Incentive Compensation” shall mean any compensation (whether cash or equity-based) that is granted, earned, or vested based wholly or in part upon the attainment of a Financial Reporting Measure, and may include, but shall not be limited to, performance bonuses and long-term incentive awards such as stock options, stock appreciation rights, restricted stock, restricted stock units, performance share units or other equity-based awards. For the avoidance of doubt, Incentive Compensation does not include base salaries, awards that vest exclusively upon completion of a specified employment period, without any performance condition, and bonus awards that are discretionary or based on subjective goals or goals unrelated to Financial Reporting Measures.Notwithstanding the foregoing, compensation amounts shall



not be considered “Incentive Compensation” for purposes of the Policy unless such compensation is Received (1) while the Company has a class of securities listed on a national securities exchange or a national securities association and (2) on or after October 2, 2023.
Listing Rules” shall mean Section 303A.14 of the New York Stock Exchange Listed Company Manual, as such section may be amended from time to time.

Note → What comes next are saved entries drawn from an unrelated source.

(* Let $n\geq 1$. The map $\rho_1\mapsto x_1$, $\rho_2\mapsto x_nx_1$, $\rho_3\mapsto x_{n-1}x_nx_1$, $\dots$, $\rho_n\mapsto x_2x_3\cdots x_nx_1$ (i.e. $\rho_k\mapsto x_{n-k+2}x_{n-k+3}\cdots x_nx_1$) extends to a group isomorphism from the group $\langle\rho_1,\dots,\rho_n\mid\rho_1\rho_n\rho_i=\rho_{i+1}\rho_n,\ 1\leq i\leq n-1\rangle$ onto the group $$\langle x_1,\dots,x_n\mid x_1x_2\cdots x_nx_1=x_2x_3\cdots x_nx_1x_2=\cdots=x_nx_1x_2\cdots x_n\rangle$$ (where each word in the chain of equalities is the product of $n+1$ consecutive generators taken cyclically, starting at $x_1$, $x_2$, ..., $x_n$ respectively), with inverse given by $x_1\mapsto\rho_1$, $x_n\mapsto\rho_2\rho_1^{-1}$, $x_{n-1}\mapsto\rho_3\rho_2^{-1}$, $\dots$, $x_2\mapsto\rho_n\rho_{n-1}^{-1}$. *)

(* Finitely presented groups, encoded as words in the free group
   modulo the congruence generated by free cancellation and the relations. *)
From Stdlib Require Import List Arith Lia.
Import ListNotations.

(* A letter (i, false) is the generator g_i, (i, true) is its inverse g_i^-1. *)
Definition letter := (nat * bool)%type.
Definition word := list letter.

Definition inv_letter (a : letter) : letter := (fst a, negb (snd a)).
Definition inv_word (w : word) : word := rev (map inv_letter w).

(* A relation (l, r) means l = r in the presented group. *)
Definition relations := list (word * word).

Inductive geq (R : relations) : word -> word -> Prop :=
| geq_refl : forall w, geq R w w
| geq_sym : forall u v, geq R u v -> geq R v u
| geq_trans : forall u v w, geq R u v -> geq R v w -> geq R u w
| geq_free : forall u v a, geq R (u ++ a :: inv_letter a :: v) (u ++ v)
| geq_rel : forall u v l r, In (l, r) R -> geq R (u ++ l ++ v) (u ++ r ++ v).

Definition valid (n : nat) (w : word) : Prop :=
  Forall (fun a : letter => 1 <= fst a <= n) w.

Definition subst (f : nat -> word) (w : word) : word :=
  flat_map (fun a : letter => if snd a then inv_word (f (fst a)) else f (fst a)) w.

Definition gen (i : nat) : letter := (i, false).
Definition gen_inv (i : nat) : letter := (i, true).

Definition rho_rels (n : nat) : relations :=
  map (fun i => ([gen 1; gen n; gen i], [gen (i + 1); gen n])) (seq 1 (n - 1)).

(* The word x_j x_{j+1} ... x_n x_1 ... x_j : n+1 consecutive generators taken
   cyclically, starting at x_j (1 <= j <= n). *)
Definition cyc_word (n j : nat) : word :=
  map (fun k => gen (((j - 1 + k) mod n) + 1)) (seq 0 (n + 1)).

(* Relations of < x_1..x_n | x_1...x_n x_1 = x_2...x_n x_1 x_2 = ... = x_n x_1...x_n >,
   the chain of equalities expressed as W_1 = W_j for 2 <= j <= n. *)
Definition x_rels (n : nat) : relations :=
  map (fun j => (cyc_word n 1, cyc_word n j)) (seq 2 (n - 1)).

Definition phi_gen (n k : nat) : word :=
  map gen (seq (n - k + 2) (k - 1)) ++ [gen 1].

Definition psi_gen (n j : nat) : word :=
  if j =? 1 then [gen 1] else [gen (n - j + 2); gen_inv (n - j + 1)].

(* The specific computations then rest on two observations:
   - psi telescopes on runs of consecutive generators,
       psi(x_a x_{a+1} ... x_{a+m-1}) = rho_{n+2-a} rho_{n+2-a-m}^-1;
   - phi of both sides of the i-th rho-relation is W_1 phi(rho_i),
     resp. W_{n-i+1} phi(rho_i), so it follows from the x-relation W_1 = W_{n-i+1}.
   Conversely psi(W_1) = rho_1 rho_n and psi(W_{n+1-i}) = rho_{i+1} rho_n rho_i^-1,
   equal by the i-th rho-relation.  Checking phi o psi and psi o phi on
   generators is again a telescoping computation. *)

From Stdlib Require Import List Arith Lia Setoid Morphisms.
Import ListNotations.

Lemma inv_word_app u v : inv_word (u ++ v) = inv_word v ++ inv_word u.
Proof. unfold inv_word. now rewrite map_app, rev_app_distr. Qed.

Lemma inv_word_involutive w : inv_word (inv_word w) = w.
Proof.
  unfold inv_word. rewrite map_rev, rev_involutive, map_map.
  rewrite <- map_id. apply map_ext. intros [i b]. unfold inv_letter.
  simpl. now rewrite Bool.negb_involutive.
Qed.

Section PresentedGroup.

Variable R : relations.

#[local] Instance geq_equivalence : Equivalence (geq R).
Proof.
  split.
  - exact (geq_refl R).
  - exact (geq_sym R).
  - exact (geq_trans R).
Qed.

Lemma geq_app_l u v w : geq R u v -> geq R (w ++ u) (w ++ v).
Proof.
  induction 1.
  - reflexivity.
  - now symmetry.
  - etransitivity; eassumption.
  - rewrite !(app_assoc w u). apply geq_free.
  - rewrite !(app_assoc w u). now apply geq_rel.
Qed.

Lemma geq_app_r u v w : geq R u v -> geq R (u ++ w) (v ++ w).
Proof.
  induction 1.
  - reflexivity.
  - now symmetry.
  - etransitivity; eassumption.
  - rewrite <- !app_assoc. apply geq_free.
  - rewrite <- !app_assoc. now apply geq_rel.
Qed.

#[local] Instance app_geq_proper : Proper (geq R ==> geq R ==> geq R) (@app letter).
Proof.
  intros u u' Hu v v' Hv. transitivity (u' ++ v).
  - now apply geq_app_r.
  - now apply geq_app_l.
Qed.

#[local] Instance cons_geq_proper : Proper (eq ==> geq R ==> geq R) (@cons letter).
Proof. intros a b <- u v H. exact (geq_app_l u v [a] H). Qed.

Lemma geq_mul_inv_r w : geq R (w ++ inv_word w) [].
Proof.
  induction w as [|a w IH]; [reflexivity|].
  change (inv_word (a :: w)) with (inv_word w ++ [inv_letter a]).
  rewrite <- app_comm_cons, app_assoc, IH.
  exact (geq_free R [] [] a).
Qed.

Lemma geq_mul_inv_l w : geq R (inv_word w ++ w) [].
Proof.
  rewrite <- (inv_word_involutive w) at 2. apply geq_mul_inv_r.
Qed.

Lemma geq_inv u v : geq R u v -> geq R (inv_word u) (inv_word v).
Proof.
  intros H.
  transitivity (inv_word u ++ v ++ inv_word v).
  - now rewrite geq_mul_inv_r, app_nil_r.
  - rewrite <- H at 1. now rewrite app_assoc, geq_mul_inv_l.
Qed.

Lemma geq_solve_r u v w : geq R (u ++ w) v -> geq R u (v ++ inv_word w).
Proof.
  intros H. rewrite <- H, <- app_assoc, geq_mul_inv_r. now rewrite app_nil_r.
Qed.

End PresentedGroup.

#[local] Existing Instance geq_equivalence.
#[local] Existing Instance app_geq_proper.
#[local] Existing Instance cons_geq_proper.

Section Substitution.

Variable f : nat -> word.

Lemma subst_app u v : subst f (u ++ v) = subst f u ++ subst f v.
Proof. apply flat_map_app. Qed.

Lemma subst_gen i : subst f [gen i] = f i.
Proof. apply app_nil_r. Qed.

Lemma subst_inv w : subst f (inv_word w) = inv_word (subst f w).
Proof.
  induction w as [|[i b] w IH]; [reflexivity|].
  change (inv_word ((i, b) :: w)) with (inv_word w ++ [inv_letter (i, b)]).
  change (subst f ((i, b) :: w)) with ((if b then inv_word (f i) else f i) ++ subst f w).
  rewrite subst_app, IH, inv_word_app. f_equal.
  destruct b; cbn; rewrite app_nil_r; [rewrite inv_word_involutive|]; reflexivity.
Qed.

Lemma subst_respects_geq R R' :
  (forall l r, In (l, r) R -> geq R' (subst f l) (subst f r)) ->
  forall u v, geq R u v -> geq R' (subst f u) (subst f v).
Proof.
  intros HR u v H. induction H.
  - reflexivity.
  - now symmetry.
  - etransitivity; eassumption.
  - change (a :: inv_letter a :: v) with ([a; inv_letter a] ++ v).
    rewrite !subst_app.
    assert (Hcancel : geq R' (subst f [a; inv_letter a]) []).
    { destruct a as [i [|]]; cbn; rewrite app_nil_r.
      - apply geq_mul_inv_l.
      - apply geq_mul_inv_r. }
    now rewrite Hcancel.
  - rewrite !subst_app. now rewrite (HR l r H).
Qed.

End Substitution.

Lemma subst_left_inverse R f g n :
  (forall i, 1 <= i <= n -> geq R (subst g (f i)) [gen i]) ->
  forall w, valid n w -> geq R (subst g (subst f w)) w.
Proof.
  intros Hgen w Hw. induction Hw as [|[i b] w Hi _ IH]; [reflexivity|].
  change ((i, b) :: w) with ([(i, b)] ++ w).
  rewrite !subst_app, IH. apply geq_app_r.
  destruct b.
  - change [(i, true)] with (inv_word [gen i]).
    rewrite subst_inv, subst_gen, subst_inv. exact (geq_inv R _ _ (Hgen i Hi)).
  - change [(i, false)] with [gen i]. rewrite subst_gen. exact (Hgen i Hi).
Qed.

Definition run (a m : nat) : word := map gen (seq a m).

Lemma run_split a m1 m2 : run a (m1 + m2) = run a m1 ++ run (a + m1) m2.
Proof. unfold run. now rewrite seq_app, map_app. Qed.

Lemma run_cons a m : run a (S m) = gen a :: run (S a) m.
Proof. reflexivity. Qed.

Lemma map_seq_shift {A} (f g : nat -> A) len : forall s t,
  (forall k, k < len -> f (s + k) = g (t + k)) -> map f (seq s len) = map g (seq t len).
Proof.
  induction len as [|len IH]; intros s t H; [reflexivity|].
  cbn. f_equal.
  - rewrite <- (Nat.add_0_r s), <- (Nat.add_0_r t). apply H. lia.
  - apply IH. intros k Hk. rewrite !Nat.add_succ_l, <- !Nat.add_succ_r. apply H. lia.
Qed.

Lemma cyc_word_runs n j : 1 <= j <= n -> cyc_word n j = run j (n - j + 1) ++ run 1 j.
Proof.
  intros Hj. unfold cyc_word, run.
  replace (n + 1) with ((n - j + 1) + j) by lia.
  rewrite seq_app, map_app. f_equal; apply map_seq_shift; intros k Hk; f_equal.
  - rewrite Nat.mod_small by lia. lia.
  - replace (j - 1 + (0 + (n - j + 1) + k)) with (k + 1 * n) by lia.
    rewrite Nat.Div0.mod_add, Nat.mod_small by lia. lia.
Qed.

Lemma cyc_word_first n : 1 <= n -> cyc_word n 1 = gen 1 :: run 2 (n - 1) ++ [gen 1].
Proof.
  intros hn. rewrite cyc_word_runs by lia.
  replace (n - 1 + 1) with (S (n - 1)) by lia. reflexivity.
Qed.

Lemma phi_gen_succ n k : 1 <= k < n -> phi_gen n (k + 1) = gen (n - k + 1) :: phi_gen n k.
Proof.
  intros Hk. unfold phi_gen.
  replace (k + 1 - 1) with (S (k - 1)) by lia.
  replace (n - (k + 1) + 2) with (n - k + 1) by lia.
  replace (n - k + 2) with (S (n - k + 1)) by lia. reflexivity.
Qed.

(* psi telescopes on runs: psi(x_a ... x_{a+m-1}) = rho_{n+2-a} rho_{n+2-a-m}^-1,
   valid in any presented group since it only uses free cancellation. *)
Lemma psi_run R n a m : 2 <= a -> a + m <= n + 1 ->
  geq R (subst (psi_gen n) (run a m)) [gen (n + 2 - a); gen_inv (n + 2 - a - m)].
Proof.
  revert a. induction m as [|m IH]; intros a Ha Ham.
  - rewrite Nat.sub_0_r. symmetry. exact (geq_free R [] [] (gen (n + 2 - a))).
  - rewrite run_cons.
    change (subst (psi_gen n) (gen a :: run (S a) m))
      with (psi_gen n a ++ subst (psi_gen n) (run (S a) m)).
    rewrite IH by lia.
    assert (Hpsi : psi_gen n a = [gen (n + 2 - a); gen_inv (n + 2 - S a)]).
    { unfold psi_gen. destruct (Nat.eqb_spec a 1); [lia|].
      f_equal; [|f_equal]; unfold gen, gen_inv; f_equal; lia. }
    rewrite Hpsi. replace (n + 2 - a - S m) with (n + 2 - S a - m) by lia.
    exact (geq_free R [gen (n + 2 - a)] [gen_inv (n + 2 - S a - m)]
             (gen_inv (n + 2 - S a))).
Qed.

Lemma phi_rho_rel_lhs n i : 1 <= n ->
  subst (phi_gen n) [gen 1; gen n; gen i] = cyc_word n 1 ++ phi_gen n i.
Proof.
  intros hn. rewrite cyc_word_first by exact hn.
  change (subst (phi_gen n) [gen 1; gen n; gen i])
    with (phi_gen n 1 ++ phi_gen n n ++ phi_gen n i ++ []).
  rewrite app_nil_r. unfold phi_gen at 1 2.
  replace (n - n + 2) with 2 by lia. cbn. now rewrite <- !app_assoc.
Qed.

Lemma phi_rho_rel_rhs n i : 1 <= i <= n - 1 ->
  subst (phi_gen n) [gen (i + 1); gen n] = cyc_word n (n - i + 1) ++ phi_gen n i.
Proof.
  intros Hi. rewrite cyc_word_runs by lia.
  change (subst (phi_gen n) [gen (i + 1); gen n])
    with (phi_gen n (i + 1) ++ phi_gen n n ++ []).
  rewrite app_nil_r. unfold phi_gen.
  replace (n - (i + 1) + 2) with (n - i + 1) by lia.
  replace (i + 1 - 1) with i by lia.
  replace (n - (n - i + 1) + 1) with i by lia.
  replace (n - n + 2) with 2 by lia.
  fold (run (n - i + 1) i) (run 2 (n - 1)) (run (n - i + 2) (i - 1)).
  rewrite <- !app_assoc. f_equal.
  (* x_1 (x_2 ... x_n) = (x_1 ... x_{n-i+1}) (x_{n-i+2} ... x_n) *)
  rewrite (app_assoc (run 1 _)), app_assoc. f_equal.
  replace (n - i + 2) with (1 + (n - i + 1)) by lia.
  rewrite <- run_split. replace (n - i + 1 + (i - 1)) with (S (n - 1)) by lia.
  reflexivity.
Qed.

(* phi maps each rho-relation to a consequence of W_1 = W_{n-i+1}. *)
Lemma phi_respects_rels n : 1 <= n -> forall l r, In (l, r) (rho_rels n) ->
  geq (x_rels n) (subst (phi_gen n) l) (subst (phi_gen n) r).
Proof.
  intros hn l r H. unfold rho_rels in H. apply in_map_iff in H.
  destruct H as [i [Heq Hin]]. apply in_seq in Hin. injection Heq as <- <-.
  assert (Hrel : In (cyc_word n 1, cyc_word n (n - i + 1)) (x_rels n)).
  { apply in_map_iff. exists (n - i + 1). split; [reflexivity|]. apply in_seq. lia. }
  rewrite phi_rho_rel_lhs, phi_rho_rel_rhs by lia.
  exact (geq_rel _ [] (phi_gen n i) _ _ Hrel).
Qed.

Lemma psi_cyc_word_first n : 1 <= n ->
  geq (rho_rels n) (subst (psi_gen n) (cyc_word n 1)) [gen 1; gen n].
Proof.
  intros hn. rewrite cyc_word_first by exact hn.
  change (gen 1 :: run 2 (n - 1) ++ [gen 1]) with ([gen 1] ++ run 2 (n - 1) ++ [gen 1]).
  rewrite !subst_app, (psi_run _ n 2 (n - 1)) by lia.
  replace (n + 2 - 2) with n by lia. replace (n - (n - 1)) with 1 by lia.
  exact (geq_free _ [gen 1; gen n] [] (gen_inv 1)).
Qed.

Lemma psi_cyc_word n j : 2 <= j <= n ->
  geq (rho_rels n) (subst (psi_gen n) (cyc_word n j))
    [gen (n + 2 - j); gen n; gen_inv (n + 1 - j)].
Proof.
  intros Hj. rewrite cyc_word_runs by lia.
  assert (Hrun : run 1 j = [gen 1] ++ run 2 (j - 1)).
  { replace j with (S (j - 1)) at 1 by lia. reflexivity. }
  rewrite Hrun, !subst_app, (psi_run _ n j (n - j + 1)), (psi_run _ n 2 (j - 1)) by lia.
  replace (n + 2 - j - (n - j + 1)) with 1 by lia.
  replace (n + 2 - 2) with n by lia.
  replace (n - (j - 1)) with (n + 1 - j) by lia.
  exact (geq_free _ [gen (n + 2 - j)] [gen n; gen_inv (n + 1 - j)] (gen_inv 1)).
Qed.

Lemma rho_rel_solved n i : 1 <= i <= n - 1 ->
  geq (rho_rels n) [gen 1; gen n] [gen (i + 1); gen n; gen_inv i].
Proof.
  intros Hi.
  assert (Hrel : In ([gen 1; gen n; gen i], [gen (i + 1); gen n]) (rho_rels n)).
  { apply in_map_iff. exists i. split; [reflexivity|]. apply in_seq. lia. }
  change [gen (i + 1); gen n; gen_inv i] with ([gen (i + 1); gen n] ++ inv_word [gen i]).
  apply geq_solve_r. exact (geq_rel _ [] [] _ _ Hrel).
Qed.

Lemma psi_respects_rels n : 1 <= n -> forall l r, In (l, r) (x_rels n) ->
  geq (rho_rels n) (subst (psi_gen n) l) (subst (psi_gen n) r).
Proof.
  intros hn l r H. unfold x_rels in H. apply in_map_iff in H.
  destruct H as [j [Heq Hin]]. apply in_seq in Hin. injection Heq as <- <-.
  rewrite psi_cyc_word_first, psi_cyc_word by lia.
  replace (n + 2 - j) with ((n + 1 - j) + 1) by lia.
  apply rho_rel_solved. lia.
Qed.

Lemma psi_phi_gen n k : 1 <= k <= n ->
  geq (rho_rels n) (subst (psi_gen n) (phi_gen n k)) [gen k].
Proof.
  intros Hk. unfold phi_gen. fold (run (n - k + 2) (k - 1)).
  rewrite subst_app, (psi_run _ n (n - k + 2) (k - 1)) by lia.
  replace (n + 2 - (n - k + 2)) with k by lia.
  replace (k - (k - 1)) with 1 by lia.
  exact (geq_free _ [gen k] [] (gen_inv 1)).
Qed.

(* phi(psi(x_j)) = x_j: for j >= 2 it is x_j phi(rho_{n-j+1}) phi(rho_{n-j+1})^-1. *)
Lemma phi_psi_gen n j : 1 <= j <= n ->
  geq (x_rels n) (subst (phi_gen n) (psi_gen n j)) [gen j].
Proof.
  intros Hj. unfold psi_gen. destruct (Nat.eqb_spec j 1) as [->|Hj1]; [reflexivity|].
  change (subst (phi_gen n) [gen (n - j + 2); gen_inv (n - j + 1)])
    with (phi_gen n (n - j + 2) ++ inv_word (phi_gen n (n - j + 1)) ++ []).
  replace (n - j + 2) with ((n - j + 1) + 1) by lia.
  rewrite phi_gen_succ by lia.
  replace (n - (n - j + 1) + 1) with j by lia.
  rewrite app_nil_r, <- app_comm_cons, geq_mul_inv_r. reflexivity.
Qed.

Theorem proposition4p18 (n : nat) (hn : 1 <= n) :
  (forall u v, valid n u -> valid n v -> geq (rho_rels n) u v ->
     geq (x_rels n) (subst (phi_gen n) u) (subst (phi_gen n) v)) /\
  (forall u v, valid n u -> valid n v -> geq (x_rels n) u v ->
     geq (rho_rels n) (subst (psi_gen n) u) (subst (psi_gen n) v)) /\
  (forall w, valid n w -> geq (rho_rels n) (subst (psi_gen n) (subst (phi_gen n) w)) w) /\
  (forall w, valid n w -> geq (x_rels n) (subst (phi_gen n) (subst (psi_gen n) w)) w).
Proof.
  split; [|split; [|split]].
  - intros u v _ _. apply subst_respects_geq, phi_respects_rels, hn.
  - intros u v _ _. apply subst_respects_geq, psi_respects_rels, hn.
  - apply subst_left_inverse. intros k Hk. now apply psi_phi_gen.
  - apply subst_left_inverse. intros j Hj. now apply phi_psi_gen.
Qed.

Masonite Executive Leadership Team shall mean executive band officers who directly report to the Chief Executive Officer of the Company.
Received.” Incentive Compensation is deemed “Received” in the Company’s fiscal period during which the Financial Reporting Measure specified in the Incentive Compensation award is attained, even if the payment or grant of the Incentive Compensation occurs after the end of that period.
Restatement” shall mean an accounting restatement due to the material noncompliance of the Company with any financial reporting requirement under the securities laws, including any required accounting restatement to correct an error in previously issued financial statements that is material to the Company’s previously issued financial statements (commonly referred to as “Big R” restatements), or that would result in a material misstatement if the error were corrected in the current period or left uncorrected in the current period (commonly referred to as “little r” restatements).
Transition Period” shall mean any transition period that results from a change in the Company’s Fiscal Year within or immediately following the three completed Fiscal Years immediately preceding the Company’s requirement to prepare a Restatement.